Assignment:
The answer must consist of every line in the records that contains the word "datasets".

[Saved data entries]
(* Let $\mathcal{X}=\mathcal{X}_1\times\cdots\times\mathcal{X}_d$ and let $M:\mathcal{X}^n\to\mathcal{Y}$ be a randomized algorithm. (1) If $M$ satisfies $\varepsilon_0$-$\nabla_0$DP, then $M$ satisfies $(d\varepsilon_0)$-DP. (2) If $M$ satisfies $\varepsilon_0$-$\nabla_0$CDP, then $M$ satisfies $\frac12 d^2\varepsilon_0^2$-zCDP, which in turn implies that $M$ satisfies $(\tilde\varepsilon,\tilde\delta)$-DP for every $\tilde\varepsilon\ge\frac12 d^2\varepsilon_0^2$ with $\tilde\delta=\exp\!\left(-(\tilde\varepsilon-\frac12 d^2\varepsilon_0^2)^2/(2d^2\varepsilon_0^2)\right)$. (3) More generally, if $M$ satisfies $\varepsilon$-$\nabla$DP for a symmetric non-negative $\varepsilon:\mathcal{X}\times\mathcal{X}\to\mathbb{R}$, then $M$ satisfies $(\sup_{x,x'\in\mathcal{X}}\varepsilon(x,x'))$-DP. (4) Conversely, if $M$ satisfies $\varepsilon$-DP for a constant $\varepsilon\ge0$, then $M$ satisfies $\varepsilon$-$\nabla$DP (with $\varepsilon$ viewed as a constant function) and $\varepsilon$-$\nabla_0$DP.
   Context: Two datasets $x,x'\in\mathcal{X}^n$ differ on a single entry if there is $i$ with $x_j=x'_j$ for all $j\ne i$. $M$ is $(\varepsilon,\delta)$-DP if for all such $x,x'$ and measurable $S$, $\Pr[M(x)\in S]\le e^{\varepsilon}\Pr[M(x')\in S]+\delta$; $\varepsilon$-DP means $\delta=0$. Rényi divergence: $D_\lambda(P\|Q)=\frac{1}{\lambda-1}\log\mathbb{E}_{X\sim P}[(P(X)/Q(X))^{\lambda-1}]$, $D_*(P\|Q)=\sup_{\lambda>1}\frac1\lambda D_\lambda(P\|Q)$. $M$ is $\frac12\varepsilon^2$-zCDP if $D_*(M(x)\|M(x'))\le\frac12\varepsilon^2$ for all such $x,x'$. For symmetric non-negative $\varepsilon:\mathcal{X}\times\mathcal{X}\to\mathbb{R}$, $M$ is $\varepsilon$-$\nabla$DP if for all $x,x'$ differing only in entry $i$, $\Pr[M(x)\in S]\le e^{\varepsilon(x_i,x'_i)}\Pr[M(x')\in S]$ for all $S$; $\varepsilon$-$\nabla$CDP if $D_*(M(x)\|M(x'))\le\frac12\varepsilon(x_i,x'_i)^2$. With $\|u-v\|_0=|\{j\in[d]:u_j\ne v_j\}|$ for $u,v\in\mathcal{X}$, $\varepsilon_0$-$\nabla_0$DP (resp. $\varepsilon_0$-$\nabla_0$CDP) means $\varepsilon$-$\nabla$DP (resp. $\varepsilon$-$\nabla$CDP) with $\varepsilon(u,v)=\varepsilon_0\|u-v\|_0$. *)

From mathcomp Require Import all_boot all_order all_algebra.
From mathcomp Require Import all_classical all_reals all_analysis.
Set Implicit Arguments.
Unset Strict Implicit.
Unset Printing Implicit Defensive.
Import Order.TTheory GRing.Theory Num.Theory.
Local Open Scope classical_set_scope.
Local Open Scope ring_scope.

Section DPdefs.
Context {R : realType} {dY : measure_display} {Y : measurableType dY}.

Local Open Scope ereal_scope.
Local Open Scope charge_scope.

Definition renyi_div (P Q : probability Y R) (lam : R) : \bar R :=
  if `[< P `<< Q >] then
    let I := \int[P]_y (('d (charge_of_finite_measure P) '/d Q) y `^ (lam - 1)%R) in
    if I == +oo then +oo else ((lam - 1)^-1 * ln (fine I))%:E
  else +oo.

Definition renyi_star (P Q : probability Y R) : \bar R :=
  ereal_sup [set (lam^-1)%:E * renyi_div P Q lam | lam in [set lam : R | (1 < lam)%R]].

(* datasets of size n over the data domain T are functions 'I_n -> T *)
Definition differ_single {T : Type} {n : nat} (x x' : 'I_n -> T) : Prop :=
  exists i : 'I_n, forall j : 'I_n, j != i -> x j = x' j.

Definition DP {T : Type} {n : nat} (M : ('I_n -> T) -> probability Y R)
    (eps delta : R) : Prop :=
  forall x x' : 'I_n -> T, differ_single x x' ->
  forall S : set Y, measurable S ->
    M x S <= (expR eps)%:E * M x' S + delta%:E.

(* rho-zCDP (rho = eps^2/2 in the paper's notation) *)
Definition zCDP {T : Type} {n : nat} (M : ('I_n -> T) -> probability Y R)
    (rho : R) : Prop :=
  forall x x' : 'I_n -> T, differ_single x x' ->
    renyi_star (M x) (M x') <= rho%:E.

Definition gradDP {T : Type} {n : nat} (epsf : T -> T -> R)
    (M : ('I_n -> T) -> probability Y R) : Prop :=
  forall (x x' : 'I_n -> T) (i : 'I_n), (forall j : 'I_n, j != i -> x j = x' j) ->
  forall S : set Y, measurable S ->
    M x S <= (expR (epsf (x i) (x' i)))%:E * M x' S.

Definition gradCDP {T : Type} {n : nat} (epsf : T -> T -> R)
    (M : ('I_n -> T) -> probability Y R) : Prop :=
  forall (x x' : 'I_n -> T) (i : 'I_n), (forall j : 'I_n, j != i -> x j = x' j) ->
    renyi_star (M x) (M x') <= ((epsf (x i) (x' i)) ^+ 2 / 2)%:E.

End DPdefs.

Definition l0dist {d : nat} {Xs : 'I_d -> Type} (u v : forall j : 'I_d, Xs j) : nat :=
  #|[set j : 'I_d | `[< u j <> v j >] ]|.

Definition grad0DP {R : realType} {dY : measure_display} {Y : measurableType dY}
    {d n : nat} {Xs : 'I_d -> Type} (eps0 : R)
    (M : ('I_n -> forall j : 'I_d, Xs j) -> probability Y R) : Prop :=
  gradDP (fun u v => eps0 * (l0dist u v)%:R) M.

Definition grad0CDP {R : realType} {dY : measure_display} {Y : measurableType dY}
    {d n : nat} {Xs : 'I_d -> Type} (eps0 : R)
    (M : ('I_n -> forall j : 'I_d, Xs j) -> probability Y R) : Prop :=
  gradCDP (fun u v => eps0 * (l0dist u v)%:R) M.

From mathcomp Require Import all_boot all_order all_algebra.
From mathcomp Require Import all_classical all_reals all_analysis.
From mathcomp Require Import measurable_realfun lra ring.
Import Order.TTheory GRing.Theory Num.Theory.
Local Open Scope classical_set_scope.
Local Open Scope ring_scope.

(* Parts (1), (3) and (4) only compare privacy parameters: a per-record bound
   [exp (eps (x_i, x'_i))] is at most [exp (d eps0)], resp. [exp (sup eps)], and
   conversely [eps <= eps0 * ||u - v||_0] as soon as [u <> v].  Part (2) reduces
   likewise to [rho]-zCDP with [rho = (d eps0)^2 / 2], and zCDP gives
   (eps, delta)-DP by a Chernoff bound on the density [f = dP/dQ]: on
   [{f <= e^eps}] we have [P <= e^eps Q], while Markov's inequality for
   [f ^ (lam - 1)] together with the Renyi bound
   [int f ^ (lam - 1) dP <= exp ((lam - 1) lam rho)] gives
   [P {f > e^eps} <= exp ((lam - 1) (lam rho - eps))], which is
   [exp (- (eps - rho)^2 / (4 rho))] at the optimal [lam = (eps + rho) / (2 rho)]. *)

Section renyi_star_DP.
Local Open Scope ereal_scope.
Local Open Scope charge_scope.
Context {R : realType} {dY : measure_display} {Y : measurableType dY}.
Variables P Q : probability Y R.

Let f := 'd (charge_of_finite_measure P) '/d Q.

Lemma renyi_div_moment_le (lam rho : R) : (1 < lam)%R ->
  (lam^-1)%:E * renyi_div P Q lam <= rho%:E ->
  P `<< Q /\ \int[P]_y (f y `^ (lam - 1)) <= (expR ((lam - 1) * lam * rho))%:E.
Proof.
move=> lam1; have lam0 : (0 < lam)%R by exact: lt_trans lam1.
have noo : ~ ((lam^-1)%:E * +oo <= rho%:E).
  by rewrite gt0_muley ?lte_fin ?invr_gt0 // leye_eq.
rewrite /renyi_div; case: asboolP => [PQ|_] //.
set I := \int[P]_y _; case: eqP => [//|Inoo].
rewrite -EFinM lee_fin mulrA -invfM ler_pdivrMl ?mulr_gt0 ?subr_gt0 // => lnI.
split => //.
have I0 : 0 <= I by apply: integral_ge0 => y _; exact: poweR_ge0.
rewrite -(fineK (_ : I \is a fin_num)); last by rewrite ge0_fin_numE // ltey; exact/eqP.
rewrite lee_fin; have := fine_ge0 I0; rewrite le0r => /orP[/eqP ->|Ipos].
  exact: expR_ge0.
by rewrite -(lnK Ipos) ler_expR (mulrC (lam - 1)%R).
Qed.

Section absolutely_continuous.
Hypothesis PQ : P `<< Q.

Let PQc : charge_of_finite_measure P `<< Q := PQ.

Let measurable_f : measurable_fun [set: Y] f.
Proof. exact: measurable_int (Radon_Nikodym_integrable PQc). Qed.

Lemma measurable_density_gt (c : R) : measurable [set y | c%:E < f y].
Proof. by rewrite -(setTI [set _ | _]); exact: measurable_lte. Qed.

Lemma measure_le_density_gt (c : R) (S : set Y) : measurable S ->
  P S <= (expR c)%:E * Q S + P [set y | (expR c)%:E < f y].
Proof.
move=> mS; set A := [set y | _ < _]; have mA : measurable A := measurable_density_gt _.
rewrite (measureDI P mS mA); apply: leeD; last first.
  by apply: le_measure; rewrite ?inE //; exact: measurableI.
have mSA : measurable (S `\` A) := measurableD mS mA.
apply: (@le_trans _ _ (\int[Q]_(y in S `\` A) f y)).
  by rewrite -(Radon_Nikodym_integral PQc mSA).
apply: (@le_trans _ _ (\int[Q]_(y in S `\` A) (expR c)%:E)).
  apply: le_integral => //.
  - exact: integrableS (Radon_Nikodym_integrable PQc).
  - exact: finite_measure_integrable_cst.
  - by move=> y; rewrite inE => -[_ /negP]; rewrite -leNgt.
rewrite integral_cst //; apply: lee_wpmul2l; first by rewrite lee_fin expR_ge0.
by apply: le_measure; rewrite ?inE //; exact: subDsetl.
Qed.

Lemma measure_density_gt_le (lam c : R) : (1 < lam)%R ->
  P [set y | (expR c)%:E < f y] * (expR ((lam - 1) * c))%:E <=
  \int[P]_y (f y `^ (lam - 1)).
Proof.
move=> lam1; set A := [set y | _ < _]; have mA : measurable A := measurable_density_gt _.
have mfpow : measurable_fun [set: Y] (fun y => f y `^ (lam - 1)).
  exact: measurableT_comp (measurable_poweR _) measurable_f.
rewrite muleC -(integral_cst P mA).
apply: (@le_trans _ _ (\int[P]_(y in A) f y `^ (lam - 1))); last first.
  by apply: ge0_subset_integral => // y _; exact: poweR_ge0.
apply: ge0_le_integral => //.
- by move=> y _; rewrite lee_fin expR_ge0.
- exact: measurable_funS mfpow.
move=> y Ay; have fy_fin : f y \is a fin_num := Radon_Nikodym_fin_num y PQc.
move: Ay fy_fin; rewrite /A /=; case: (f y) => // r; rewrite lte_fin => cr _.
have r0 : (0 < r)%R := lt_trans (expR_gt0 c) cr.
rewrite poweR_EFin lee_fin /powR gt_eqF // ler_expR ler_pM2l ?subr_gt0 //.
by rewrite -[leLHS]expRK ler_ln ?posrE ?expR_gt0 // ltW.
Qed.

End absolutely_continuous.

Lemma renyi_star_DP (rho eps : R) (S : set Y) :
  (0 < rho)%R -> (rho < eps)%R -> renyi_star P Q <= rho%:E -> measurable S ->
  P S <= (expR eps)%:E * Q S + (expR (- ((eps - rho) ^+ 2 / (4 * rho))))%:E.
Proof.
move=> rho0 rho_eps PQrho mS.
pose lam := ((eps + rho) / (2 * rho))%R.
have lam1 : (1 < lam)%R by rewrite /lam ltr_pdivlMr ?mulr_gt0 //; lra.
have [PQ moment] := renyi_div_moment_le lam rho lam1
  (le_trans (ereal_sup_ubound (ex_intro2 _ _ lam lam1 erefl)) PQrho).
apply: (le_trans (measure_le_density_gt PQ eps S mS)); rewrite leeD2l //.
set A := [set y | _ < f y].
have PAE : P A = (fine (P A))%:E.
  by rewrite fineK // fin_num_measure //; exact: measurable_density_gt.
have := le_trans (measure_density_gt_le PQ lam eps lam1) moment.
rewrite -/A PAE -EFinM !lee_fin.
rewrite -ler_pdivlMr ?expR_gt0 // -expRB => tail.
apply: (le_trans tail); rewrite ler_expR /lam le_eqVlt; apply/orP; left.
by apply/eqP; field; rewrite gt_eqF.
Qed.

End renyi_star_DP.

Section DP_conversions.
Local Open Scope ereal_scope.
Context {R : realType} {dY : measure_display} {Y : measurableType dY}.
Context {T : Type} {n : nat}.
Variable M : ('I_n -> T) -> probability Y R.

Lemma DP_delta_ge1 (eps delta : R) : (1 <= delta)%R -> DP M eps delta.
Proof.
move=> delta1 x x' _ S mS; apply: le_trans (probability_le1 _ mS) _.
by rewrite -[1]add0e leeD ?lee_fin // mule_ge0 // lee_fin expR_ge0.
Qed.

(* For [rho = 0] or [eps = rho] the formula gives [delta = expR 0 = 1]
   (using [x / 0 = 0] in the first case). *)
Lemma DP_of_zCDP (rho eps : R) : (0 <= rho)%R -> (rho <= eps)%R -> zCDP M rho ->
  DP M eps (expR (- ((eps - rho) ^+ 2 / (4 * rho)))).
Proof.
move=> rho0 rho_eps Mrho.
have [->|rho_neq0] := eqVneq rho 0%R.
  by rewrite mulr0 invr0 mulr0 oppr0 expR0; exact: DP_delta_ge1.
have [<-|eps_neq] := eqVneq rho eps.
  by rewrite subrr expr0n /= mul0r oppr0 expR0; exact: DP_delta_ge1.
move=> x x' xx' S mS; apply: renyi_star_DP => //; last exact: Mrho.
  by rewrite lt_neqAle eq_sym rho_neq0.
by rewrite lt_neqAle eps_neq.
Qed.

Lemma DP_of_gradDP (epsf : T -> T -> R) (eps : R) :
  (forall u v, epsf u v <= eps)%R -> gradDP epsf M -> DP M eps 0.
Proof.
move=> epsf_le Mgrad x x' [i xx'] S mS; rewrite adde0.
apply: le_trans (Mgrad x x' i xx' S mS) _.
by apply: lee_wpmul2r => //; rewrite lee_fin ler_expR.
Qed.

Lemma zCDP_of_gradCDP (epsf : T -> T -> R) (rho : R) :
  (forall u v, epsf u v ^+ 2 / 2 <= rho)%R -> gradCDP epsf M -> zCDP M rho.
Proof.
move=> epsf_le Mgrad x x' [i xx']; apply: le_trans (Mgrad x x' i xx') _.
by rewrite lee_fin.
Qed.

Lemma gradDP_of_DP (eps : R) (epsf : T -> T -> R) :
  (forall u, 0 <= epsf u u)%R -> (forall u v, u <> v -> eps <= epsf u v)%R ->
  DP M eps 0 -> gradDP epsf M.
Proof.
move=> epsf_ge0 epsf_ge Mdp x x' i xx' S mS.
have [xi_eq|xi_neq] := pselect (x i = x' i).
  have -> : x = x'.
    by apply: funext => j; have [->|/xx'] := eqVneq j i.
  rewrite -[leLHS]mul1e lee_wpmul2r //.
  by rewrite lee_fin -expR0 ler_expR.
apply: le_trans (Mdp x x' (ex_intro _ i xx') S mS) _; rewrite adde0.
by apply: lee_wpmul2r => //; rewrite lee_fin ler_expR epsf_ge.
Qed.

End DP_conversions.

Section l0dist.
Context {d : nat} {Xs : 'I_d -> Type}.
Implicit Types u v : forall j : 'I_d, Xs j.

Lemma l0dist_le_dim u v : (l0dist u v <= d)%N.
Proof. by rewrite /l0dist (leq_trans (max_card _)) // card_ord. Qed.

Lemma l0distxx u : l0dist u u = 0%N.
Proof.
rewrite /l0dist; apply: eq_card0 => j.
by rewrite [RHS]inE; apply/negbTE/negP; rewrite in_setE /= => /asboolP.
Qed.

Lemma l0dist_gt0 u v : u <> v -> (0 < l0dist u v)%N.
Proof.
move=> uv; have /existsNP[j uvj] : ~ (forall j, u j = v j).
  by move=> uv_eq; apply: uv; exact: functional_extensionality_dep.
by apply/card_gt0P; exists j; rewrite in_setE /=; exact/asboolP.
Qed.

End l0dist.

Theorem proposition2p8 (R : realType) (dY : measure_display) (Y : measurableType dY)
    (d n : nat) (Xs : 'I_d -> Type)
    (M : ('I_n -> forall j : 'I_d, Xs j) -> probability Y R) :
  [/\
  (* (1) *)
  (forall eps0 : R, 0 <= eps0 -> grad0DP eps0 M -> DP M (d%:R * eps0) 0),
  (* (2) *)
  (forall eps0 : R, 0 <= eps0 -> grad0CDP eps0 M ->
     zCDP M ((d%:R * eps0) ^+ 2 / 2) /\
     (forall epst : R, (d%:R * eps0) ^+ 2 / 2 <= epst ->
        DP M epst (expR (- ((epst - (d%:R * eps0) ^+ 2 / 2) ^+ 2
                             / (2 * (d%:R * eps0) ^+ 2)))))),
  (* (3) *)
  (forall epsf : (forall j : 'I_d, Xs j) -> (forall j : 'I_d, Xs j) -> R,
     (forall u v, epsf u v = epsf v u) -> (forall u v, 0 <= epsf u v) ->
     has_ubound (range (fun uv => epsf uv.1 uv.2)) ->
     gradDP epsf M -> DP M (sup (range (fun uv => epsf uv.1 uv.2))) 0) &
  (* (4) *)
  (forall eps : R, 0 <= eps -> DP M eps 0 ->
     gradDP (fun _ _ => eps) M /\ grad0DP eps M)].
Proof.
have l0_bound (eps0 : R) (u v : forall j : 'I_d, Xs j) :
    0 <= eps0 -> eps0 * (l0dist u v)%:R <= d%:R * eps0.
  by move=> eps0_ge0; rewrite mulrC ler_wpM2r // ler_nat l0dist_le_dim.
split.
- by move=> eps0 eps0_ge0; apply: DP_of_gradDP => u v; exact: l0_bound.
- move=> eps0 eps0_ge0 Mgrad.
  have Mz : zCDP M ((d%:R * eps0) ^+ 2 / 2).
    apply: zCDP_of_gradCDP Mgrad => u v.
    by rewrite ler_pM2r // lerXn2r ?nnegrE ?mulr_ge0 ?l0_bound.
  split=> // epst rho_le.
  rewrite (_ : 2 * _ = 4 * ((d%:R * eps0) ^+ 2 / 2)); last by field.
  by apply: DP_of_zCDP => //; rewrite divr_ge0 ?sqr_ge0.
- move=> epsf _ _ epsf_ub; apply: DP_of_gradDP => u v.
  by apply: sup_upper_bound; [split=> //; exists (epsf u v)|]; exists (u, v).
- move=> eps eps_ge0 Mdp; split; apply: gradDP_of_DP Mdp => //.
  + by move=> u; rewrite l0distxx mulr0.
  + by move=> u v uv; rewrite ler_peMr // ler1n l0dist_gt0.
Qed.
--
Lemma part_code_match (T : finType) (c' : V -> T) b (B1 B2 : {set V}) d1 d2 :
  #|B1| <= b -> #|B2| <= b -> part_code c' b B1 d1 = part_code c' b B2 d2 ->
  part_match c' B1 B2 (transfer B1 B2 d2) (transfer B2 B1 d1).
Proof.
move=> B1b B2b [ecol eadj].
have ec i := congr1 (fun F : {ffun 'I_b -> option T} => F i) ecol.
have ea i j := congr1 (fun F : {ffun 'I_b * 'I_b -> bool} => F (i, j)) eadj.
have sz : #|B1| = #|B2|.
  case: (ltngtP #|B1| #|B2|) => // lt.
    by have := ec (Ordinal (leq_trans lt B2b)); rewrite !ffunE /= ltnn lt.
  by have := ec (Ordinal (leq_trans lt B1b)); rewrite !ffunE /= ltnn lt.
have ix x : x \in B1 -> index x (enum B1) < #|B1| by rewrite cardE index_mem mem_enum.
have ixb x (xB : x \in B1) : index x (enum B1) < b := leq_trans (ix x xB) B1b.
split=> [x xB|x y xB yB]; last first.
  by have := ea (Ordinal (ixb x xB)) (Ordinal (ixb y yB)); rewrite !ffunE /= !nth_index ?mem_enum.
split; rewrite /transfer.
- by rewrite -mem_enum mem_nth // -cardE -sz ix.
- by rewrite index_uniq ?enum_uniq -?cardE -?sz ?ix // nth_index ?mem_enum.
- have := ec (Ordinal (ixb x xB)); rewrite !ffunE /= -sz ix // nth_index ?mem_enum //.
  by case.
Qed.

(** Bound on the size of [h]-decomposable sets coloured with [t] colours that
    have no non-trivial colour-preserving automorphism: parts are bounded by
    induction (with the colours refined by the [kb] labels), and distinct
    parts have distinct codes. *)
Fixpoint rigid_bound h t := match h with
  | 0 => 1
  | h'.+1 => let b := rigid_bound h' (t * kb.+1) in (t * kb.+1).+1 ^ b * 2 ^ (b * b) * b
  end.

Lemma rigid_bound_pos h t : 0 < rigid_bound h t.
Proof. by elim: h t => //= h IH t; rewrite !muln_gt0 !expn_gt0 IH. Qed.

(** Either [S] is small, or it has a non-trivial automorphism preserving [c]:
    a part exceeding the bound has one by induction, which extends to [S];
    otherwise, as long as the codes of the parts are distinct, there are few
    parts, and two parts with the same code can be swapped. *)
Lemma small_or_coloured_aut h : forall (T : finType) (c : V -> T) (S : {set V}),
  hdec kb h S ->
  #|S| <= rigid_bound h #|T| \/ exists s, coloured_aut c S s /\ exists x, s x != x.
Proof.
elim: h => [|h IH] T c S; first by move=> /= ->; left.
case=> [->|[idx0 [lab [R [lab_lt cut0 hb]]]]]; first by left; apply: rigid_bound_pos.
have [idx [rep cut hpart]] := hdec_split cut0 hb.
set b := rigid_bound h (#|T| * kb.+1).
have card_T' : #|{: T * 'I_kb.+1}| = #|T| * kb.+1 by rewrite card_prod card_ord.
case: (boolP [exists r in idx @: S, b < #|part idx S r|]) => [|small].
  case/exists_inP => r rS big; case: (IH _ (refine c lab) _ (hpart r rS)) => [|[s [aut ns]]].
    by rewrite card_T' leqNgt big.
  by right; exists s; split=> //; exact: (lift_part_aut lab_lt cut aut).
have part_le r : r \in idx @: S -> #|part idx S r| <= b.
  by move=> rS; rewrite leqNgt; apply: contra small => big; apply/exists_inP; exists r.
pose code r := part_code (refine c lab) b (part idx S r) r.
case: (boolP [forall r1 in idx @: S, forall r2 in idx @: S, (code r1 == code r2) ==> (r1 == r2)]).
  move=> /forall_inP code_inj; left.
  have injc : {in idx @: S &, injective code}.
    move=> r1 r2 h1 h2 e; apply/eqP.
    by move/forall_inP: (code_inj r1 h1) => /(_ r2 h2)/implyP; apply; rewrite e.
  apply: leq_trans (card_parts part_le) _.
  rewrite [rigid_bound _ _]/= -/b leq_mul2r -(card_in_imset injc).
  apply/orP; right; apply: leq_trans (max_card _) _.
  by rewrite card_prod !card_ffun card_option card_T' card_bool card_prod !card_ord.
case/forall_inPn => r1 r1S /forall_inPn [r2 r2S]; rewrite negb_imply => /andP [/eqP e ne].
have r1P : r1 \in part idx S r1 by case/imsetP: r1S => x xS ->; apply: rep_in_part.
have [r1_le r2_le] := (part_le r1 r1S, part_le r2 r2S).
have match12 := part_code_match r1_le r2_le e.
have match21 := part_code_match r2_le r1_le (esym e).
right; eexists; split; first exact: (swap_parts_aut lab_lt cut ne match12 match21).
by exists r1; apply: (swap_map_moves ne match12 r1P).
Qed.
---
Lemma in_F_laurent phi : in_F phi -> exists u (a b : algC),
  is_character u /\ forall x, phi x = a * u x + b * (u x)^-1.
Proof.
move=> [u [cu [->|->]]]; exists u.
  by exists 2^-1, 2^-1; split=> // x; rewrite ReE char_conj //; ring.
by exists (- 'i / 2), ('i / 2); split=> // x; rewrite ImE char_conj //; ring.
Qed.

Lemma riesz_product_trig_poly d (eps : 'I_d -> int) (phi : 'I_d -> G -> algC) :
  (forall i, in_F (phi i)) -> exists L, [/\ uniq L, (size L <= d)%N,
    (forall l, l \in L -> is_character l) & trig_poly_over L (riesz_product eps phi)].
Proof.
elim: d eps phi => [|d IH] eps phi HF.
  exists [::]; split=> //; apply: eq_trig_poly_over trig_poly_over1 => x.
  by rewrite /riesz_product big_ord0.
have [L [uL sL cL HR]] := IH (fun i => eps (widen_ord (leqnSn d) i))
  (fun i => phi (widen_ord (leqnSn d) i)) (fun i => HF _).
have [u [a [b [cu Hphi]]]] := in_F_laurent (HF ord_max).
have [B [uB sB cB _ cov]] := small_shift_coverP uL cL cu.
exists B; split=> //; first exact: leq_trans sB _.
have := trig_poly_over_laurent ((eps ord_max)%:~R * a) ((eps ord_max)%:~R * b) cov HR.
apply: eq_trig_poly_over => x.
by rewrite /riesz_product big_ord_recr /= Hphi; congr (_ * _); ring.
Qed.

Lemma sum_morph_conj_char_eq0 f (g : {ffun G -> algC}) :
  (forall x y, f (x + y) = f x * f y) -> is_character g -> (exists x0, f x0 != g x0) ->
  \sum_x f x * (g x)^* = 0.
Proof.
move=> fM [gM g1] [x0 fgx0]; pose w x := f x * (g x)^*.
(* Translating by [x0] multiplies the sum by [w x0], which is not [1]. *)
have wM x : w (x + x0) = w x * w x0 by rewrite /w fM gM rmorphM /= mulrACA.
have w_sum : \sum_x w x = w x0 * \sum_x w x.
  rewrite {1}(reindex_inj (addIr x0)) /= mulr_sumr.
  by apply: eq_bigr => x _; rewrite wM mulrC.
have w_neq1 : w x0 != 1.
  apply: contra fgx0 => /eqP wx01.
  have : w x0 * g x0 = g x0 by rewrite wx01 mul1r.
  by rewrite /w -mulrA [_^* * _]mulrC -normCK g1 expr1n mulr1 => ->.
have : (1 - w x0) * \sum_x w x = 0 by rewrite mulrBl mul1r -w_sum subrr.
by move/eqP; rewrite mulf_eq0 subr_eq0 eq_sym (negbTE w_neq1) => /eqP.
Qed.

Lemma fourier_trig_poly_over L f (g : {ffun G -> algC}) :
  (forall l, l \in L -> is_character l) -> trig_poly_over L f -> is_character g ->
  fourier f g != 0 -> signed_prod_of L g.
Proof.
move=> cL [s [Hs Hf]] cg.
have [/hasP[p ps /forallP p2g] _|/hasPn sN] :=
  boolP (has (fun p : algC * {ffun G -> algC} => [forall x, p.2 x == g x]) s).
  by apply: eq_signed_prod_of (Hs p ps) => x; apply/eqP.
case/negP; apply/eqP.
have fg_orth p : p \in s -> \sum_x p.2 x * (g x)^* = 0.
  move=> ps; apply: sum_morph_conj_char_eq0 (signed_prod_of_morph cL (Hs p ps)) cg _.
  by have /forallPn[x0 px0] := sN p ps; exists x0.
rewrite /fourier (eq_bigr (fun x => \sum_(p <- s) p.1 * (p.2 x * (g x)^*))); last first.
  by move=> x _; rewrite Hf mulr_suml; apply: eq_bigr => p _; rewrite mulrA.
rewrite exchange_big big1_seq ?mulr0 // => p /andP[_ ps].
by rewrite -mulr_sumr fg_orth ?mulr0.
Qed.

Response:
   Context: Two datasets $x,x'\in\mathcal{X}^n$ differ on a single entry if there is $i$ with $x_j=x'_j$ for all $j\ne i$. $M$ is $(\varepsilon,\delta)$-DP if for all such $x,x'$ and measurable $S$, $\Pr[M(x)\in S]\le e^{\varepsilon}\Pr[M(x')\in S]+\delta$; $\varepsilon$-DP means $\delta=0$. Rényi divergence: $D_\lambda(P\|Q)=\frac{1}{\lambda-1}\log\mathbb{E}_{X\sim P}[(P(X)/Q(X))^{\lambda-1}]$, $D_*(P\|Q)=\sup_{\lambda>1}\frac1\lambda D_\lambda(P\|Q)$. $M$ is $\frac12\varepsilon^2$-zCDP if $D_*(M(x)\|M(x'))\le\frac12\varepsilon^2$ for all such $x,x'$. For symmetric non-negative $\varepsilon:\mathcal{X}\times\mathcal{X}\to\mathbb{R}$, $M$ is $\varepsilon$-$\nabla$DP if for all $x,x'$ differing only in entry $i$, $\Pr[M(x)\in S]\le e^{\varepsilon(x_i,x'_i)}\Pr[M(x')\in S]$ for all $S$; $\varepsilon$-$\nabla$CDP if $D_*(M(x)\|M(x'))\le\frac12\varepsilon(x_i,x'_i)^2$. With $\|u-v\|_0=|\{j\in[d]:u_j\ne v_j\}|$ for $u,v\in\mathcal{X}$, $\varepsilon_0$-$\nabla_0$DP (resp. $\varepsilon_0$-$\nabla_0$CDP) means $\varepsilon$-$\nabla$DP (resp. $\varepsilon$-$\nabla$CDP) with $\varepsilon(u,v)=\varepsilon_0\|u-v\|_0$. *)
(* datasets of size n over the data domain T are functions 'I_n -> T *)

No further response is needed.